Amazon adds resilience to cloud computing service

Two new features make failover, address management easier

Amazon Web Services is adding new features to its hosted service platform Elastic Compute Cloud (EC2) to improve availability.

Elastic Compute Cloud is a Web service that provides resizable compute capacity in the cloud. It is designed to make Web-scale computing easier for developers, according to Amazon.

[ On Wednesday, IBM joined with two universities in a cloud computing initiative. For its part, Amazon's cloud computing service fuels a startup's launch. And InfoWorld blogger Bill Snyder describes what the ostensibly nebulous term "cloud computing" really means. ]

Amazon will add two new features to its platform: Availability Zones and Elastic IP Addresses.

With the Availability Zones function, applications can be placed in multiple locations so that if one location fails, a second one can take over. While EC2 users have been able to build such functionality themselves, they can now achieve the same effect with an API call, Amazon said.

Developers can also use what Amazon calls Elastic IP addresses to simplify address management. These are static, but can also be dynamically remapped on the fly to point to any instance in an Amazon EC2 account.

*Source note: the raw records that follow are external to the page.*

Lemma sol_R_eq N x : z + N%:R * w != 0 -> (x <= N)%N ->
  z * sol_R N x = (if (0 < x)%N then c * sol_L N x.-1 + d * sol_R N x.-1 else 0)
                  + (if x == 0%N then 1 else 0).
Proof.
move=> hE hx; rewrite /sol_L /sol_R; case: x hx => [|x] hx /=.
  by rewrite subn0 expr0 mul1r add0r mulrA divff // mulf_neq0.
have -> : (N - x = (N - x.+1).+1)%N by lia.
have -> : c * (lam ^+ x.+1 * b * (N - x.+1).+1%:R / (z * (z + N%:R * w)))
   = (c * b) * (lam ^+ x.+1 * (N - x.+1).+1%:R / (z * (z + N%:R * w))) by ring.
by rewrite addr0 hcb hd mulrSr !exprS hw; field; rewrite -hw hE hz.
Qed.

Hypothesis hlam : lam != 0.
Hypothesis hb : b != 0.
Hypothesis ha : a != 0.

Definition hom_L (n : nat) : F := lam ^+ n * (z + n%:R * w) / z.
Definition hom_R (n : nat) : F := lam ^+ n * n%:R * w ^+ 2 / (lam * z * b).

(* The homogeneous recursion, solved forward: phi_R(n+1) from row 2n+3 and
   phi_L(n+1) from row 2n. *)
Lemma hom_R_step n : z^-1 * (c * hom_L n + d * hom_R n) = hom_R n.+1.
Proof.
rewrite /hom_L /hom_R (_ : c = w ^+ 2 / b); last by rewrite -hcb mulfK.
by rewrite hd !exprS mulrSr hw; field; rewrite hb hz hlam.
Qed.

Lemma hom_L_step n : a^-1 * (z * hom_L n - b * hom_R n.+1) = hom_L n.+1.
Proof.
by rewrite /hom_L /hom_R !exprS mulrSr hw; field; rewrite hb hz hlam ha.
Qed.

End ExplicitAlgebra.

The feature makes it possible for developers to work around problems by moving an address to a replacement instance, instead of waiting for DNS to propagate changes or a data technician to reconfigure or replace a host.

British charity organization Comic Relief, which use Amazon's services to host some of its Web sites, has tested both features and plans to start using them in its production environment, according to Ben Steel, new media developer at Comic Relief.

"Elastic IP addresses give us a certain amount of persistency. We can, for example, power up and down a server without having to change DNS settings," said Steel.

He also sees benefits with the Availability Zones feature. "It gives us a certain amount of redundancy," he said.

Amazon EC2 works in conjunction with other Web services from Amazon -- for example, Simple Storage Service (S3) and SimpleDB.